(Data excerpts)
========

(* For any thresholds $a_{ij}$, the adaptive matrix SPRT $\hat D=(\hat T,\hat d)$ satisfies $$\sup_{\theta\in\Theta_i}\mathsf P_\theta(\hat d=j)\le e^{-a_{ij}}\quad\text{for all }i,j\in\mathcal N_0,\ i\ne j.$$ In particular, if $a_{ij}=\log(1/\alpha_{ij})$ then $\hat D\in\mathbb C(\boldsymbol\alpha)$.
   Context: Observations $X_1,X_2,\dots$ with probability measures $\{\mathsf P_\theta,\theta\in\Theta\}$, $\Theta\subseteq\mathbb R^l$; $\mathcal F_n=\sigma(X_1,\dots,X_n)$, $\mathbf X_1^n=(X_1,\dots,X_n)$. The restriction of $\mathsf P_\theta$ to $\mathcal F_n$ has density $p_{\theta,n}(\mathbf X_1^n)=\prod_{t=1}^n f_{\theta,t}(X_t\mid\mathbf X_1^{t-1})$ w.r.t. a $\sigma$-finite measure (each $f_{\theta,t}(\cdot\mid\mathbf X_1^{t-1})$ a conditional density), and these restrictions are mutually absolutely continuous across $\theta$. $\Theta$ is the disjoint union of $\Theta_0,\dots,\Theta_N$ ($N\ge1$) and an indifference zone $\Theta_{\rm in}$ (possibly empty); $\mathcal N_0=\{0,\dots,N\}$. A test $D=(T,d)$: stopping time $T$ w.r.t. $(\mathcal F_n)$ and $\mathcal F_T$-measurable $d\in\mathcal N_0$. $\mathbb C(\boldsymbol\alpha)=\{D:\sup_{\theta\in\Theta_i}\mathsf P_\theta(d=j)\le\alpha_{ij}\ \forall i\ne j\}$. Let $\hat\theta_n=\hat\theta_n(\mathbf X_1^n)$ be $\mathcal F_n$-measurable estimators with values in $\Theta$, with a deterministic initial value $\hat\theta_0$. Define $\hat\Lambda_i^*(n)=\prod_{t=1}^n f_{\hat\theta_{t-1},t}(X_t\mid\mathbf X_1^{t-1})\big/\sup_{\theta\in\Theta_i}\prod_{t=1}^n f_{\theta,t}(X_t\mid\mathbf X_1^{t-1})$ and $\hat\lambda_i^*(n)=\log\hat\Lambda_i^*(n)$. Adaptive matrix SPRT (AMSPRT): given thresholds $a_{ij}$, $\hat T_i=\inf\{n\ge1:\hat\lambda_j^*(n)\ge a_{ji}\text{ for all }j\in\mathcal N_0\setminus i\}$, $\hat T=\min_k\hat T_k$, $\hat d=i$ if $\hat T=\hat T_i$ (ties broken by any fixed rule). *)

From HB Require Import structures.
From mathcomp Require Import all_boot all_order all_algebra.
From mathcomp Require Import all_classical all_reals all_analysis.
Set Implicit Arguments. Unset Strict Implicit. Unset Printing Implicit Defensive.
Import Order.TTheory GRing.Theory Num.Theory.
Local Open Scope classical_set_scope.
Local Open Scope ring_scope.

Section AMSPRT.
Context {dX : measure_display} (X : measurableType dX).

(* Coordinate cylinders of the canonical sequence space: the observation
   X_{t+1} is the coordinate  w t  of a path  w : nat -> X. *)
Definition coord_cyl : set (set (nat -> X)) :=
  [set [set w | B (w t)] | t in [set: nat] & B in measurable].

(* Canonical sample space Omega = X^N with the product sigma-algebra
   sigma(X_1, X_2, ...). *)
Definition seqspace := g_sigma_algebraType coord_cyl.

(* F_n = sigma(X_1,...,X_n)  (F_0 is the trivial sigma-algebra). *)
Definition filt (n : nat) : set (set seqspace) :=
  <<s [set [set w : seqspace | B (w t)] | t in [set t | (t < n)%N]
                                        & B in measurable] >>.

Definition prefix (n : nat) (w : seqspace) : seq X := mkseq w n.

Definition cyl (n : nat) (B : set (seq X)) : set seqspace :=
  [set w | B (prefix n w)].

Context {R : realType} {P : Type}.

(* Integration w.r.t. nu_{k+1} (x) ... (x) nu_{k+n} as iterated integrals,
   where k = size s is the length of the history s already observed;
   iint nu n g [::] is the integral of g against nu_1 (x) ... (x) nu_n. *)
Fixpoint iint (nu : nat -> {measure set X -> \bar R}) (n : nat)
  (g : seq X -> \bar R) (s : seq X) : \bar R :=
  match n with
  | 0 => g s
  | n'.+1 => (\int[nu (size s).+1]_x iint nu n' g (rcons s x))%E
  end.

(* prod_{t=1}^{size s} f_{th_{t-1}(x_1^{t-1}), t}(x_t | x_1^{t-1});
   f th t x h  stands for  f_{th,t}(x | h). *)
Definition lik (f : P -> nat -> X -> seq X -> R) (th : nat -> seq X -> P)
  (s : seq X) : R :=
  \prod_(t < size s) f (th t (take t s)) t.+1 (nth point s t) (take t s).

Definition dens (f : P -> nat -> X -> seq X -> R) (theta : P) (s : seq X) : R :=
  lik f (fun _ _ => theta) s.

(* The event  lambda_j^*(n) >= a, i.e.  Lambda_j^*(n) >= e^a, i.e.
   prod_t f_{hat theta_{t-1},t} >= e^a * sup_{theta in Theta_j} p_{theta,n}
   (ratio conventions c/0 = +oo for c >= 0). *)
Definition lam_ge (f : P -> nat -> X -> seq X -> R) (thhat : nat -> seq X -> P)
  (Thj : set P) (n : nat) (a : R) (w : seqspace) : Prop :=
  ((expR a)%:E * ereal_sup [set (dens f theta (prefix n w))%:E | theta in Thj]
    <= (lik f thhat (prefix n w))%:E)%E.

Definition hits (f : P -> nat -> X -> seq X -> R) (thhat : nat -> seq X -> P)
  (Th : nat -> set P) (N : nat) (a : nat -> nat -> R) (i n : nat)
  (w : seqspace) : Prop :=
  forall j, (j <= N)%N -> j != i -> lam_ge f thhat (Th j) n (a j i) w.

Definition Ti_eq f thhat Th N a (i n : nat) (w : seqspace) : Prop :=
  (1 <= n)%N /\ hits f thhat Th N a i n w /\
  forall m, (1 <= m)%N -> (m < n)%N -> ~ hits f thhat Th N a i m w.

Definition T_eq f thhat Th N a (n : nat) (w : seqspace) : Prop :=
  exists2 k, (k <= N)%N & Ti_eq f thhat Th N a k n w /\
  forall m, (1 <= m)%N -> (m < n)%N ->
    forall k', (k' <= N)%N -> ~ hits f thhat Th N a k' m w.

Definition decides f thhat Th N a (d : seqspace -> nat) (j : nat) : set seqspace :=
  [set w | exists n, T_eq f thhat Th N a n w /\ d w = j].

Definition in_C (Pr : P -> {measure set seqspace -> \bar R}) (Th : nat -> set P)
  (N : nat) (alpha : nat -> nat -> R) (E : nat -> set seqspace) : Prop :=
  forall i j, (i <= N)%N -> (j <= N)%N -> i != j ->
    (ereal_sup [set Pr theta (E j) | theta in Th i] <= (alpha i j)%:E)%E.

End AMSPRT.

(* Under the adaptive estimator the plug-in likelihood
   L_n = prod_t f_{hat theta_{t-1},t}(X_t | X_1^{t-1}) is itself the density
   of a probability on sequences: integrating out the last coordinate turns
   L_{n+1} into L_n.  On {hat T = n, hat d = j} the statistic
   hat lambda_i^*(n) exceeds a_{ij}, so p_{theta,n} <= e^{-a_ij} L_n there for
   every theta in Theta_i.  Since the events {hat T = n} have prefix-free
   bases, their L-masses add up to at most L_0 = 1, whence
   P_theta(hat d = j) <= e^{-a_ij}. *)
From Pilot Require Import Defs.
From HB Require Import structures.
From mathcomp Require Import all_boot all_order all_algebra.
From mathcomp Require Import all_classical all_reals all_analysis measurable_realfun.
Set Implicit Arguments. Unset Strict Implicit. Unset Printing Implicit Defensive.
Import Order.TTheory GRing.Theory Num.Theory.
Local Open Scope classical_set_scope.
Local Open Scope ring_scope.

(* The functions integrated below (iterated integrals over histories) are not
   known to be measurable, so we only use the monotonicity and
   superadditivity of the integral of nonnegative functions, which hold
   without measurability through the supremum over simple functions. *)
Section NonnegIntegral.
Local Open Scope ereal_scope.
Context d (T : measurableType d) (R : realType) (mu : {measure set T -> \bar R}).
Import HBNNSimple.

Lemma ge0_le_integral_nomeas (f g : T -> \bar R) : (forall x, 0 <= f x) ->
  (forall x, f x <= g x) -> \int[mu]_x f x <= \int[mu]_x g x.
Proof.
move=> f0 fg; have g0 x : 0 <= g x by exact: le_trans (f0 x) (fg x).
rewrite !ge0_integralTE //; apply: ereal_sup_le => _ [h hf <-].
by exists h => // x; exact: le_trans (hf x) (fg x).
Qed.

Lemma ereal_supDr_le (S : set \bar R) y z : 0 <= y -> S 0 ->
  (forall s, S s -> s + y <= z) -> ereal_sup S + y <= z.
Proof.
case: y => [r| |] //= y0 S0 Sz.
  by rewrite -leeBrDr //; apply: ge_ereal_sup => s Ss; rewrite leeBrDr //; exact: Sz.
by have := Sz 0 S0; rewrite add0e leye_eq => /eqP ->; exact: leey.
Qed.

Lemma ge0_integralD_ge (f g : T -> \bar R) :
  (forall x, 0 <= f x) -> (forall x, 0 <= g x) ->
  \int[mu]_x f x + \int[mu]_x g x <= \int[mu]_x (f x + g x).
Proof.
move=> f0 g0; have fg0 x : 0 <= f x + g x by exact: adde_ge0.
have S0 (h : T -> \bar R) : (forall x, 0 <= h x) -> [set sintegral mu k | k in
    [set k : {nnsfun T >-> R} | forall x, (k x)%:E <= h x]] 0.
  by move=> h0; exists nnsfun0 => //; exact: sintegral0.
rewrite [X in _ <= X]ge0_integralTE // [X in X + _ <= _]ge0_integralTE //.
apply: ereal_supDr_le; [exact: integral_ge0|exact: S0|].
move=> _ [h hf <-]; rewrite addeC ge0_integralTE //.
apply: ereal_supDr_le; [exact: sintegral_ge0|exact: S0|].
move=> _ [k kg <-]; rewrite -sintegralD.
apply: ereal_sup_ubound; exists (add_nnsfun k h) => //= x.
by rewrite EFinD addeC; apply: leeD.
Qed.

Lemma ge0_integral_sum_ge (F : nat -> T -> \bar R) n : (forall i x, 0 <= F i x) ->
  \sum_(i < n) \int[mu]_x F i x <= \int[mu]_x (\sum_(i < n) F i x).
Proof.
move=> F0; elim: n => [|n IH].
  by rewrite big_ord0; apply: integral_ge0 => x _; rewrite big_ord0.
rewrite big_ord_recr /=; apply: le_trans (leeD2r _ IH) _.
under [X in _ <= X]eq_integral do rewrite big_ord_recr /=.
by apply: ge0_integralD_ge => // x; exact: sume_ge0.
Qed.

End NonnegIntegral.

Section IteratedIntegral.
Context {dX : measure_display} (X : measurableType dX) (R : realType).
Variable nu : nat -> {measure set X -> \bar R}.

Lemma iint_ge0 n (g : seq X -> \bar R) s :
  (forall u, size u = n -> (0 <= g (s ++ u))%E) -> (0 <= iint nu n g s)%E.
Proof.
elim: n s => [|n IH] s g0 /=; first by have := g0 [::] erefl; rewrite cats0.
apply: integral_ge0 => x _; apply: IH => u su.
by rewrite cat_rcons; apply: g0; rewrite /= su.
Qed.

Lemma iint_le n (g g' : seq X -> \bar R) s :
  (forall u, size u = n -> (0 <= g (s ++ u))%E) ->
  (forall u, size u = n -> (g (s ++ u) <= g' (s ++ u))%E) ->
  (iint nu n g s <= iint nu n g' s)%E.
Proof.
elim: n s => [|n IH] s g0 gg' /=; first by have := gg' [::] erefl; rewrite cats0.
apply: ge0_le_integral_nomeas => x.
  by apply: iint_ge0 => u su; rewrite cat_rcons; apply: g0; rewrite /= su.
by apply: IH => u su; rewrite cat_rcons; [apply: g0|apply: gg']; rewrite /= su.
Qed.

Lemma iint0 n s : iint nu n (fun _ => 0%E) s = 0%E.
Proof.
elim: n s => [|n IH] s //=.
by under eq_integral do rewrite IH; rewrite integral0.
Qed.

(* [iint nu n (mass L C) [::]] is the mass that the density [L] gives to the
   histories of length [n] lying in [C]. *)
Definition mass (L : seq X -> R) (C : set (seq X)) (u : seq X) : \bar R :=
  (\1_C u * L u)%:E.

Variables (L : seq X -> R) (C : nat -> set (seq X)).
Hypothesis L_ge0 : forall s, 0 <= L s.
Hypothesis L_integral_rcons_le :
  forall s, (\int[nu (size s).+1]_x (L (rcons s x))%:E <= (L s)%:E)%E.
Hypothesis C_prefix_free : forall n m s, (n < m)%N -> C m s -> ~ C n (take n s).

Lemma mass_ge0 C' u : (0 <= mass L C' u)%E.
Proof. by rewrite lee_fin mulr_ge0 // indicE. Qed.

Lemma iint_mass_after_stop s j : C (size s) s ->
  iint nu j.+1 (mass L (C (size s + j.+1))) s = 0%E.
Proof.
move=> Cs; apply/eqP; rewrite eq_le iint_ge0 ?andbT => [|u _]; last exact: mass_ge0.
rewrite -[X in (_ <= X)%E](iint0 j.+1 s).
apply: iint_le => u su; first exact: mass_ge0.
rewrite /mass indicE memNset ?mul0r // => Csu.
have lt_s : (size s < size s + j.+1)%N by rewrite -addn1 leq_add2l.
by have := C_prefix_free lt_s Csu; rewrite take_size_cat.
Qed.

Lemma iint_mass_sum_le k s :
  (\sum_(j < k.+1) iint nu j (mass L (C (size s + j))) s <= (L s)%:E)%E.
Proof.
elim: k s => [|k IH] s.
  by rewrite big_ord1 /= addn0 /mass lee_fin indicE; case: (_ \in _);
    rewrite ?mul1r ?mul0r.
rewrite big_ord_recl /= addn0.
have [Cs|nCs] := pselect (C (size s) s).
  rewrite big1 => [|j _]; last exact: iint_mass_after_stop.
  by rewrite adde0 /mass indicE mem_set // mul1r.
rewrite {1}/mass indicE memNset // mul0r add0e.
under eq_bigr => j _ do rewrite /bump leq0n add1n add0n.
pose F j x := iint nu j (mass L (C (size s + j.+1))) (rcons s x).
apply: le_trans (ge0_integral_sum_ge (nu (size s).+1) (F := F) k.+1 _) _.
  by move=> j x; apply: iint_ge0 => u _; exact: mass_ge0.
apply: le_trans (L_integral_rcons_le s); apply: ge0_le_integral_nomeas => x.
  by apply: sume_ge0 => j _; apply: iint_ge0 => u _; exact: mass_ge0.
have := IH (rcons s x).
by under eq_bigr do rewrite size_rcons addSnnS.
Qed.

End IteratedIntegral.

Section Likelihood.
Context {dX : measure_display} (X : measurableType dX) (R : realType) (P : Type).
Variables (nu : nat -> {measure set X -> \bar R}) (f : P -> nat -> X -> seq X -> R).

========

> **REQUIRED ACTION**
Copy whichever lines above contain the string "Prop".

> **ANSWER SPACE**
  (Thj : set P) (n : nat) (a : R) (w : seqspace) : Prop :=
  (w : seqspace) : Prop :=
Definition Ti_eq f thhat Th N a (i n : nat) (w : seqspace) : Prop :=
Definition T_eq f thhat Th N a (n : nat) (w : seqspace) : Prop :=
  (N : nat) (alpha : nat -> nat -> R) (E : nat -> set seqspace) : Prop :=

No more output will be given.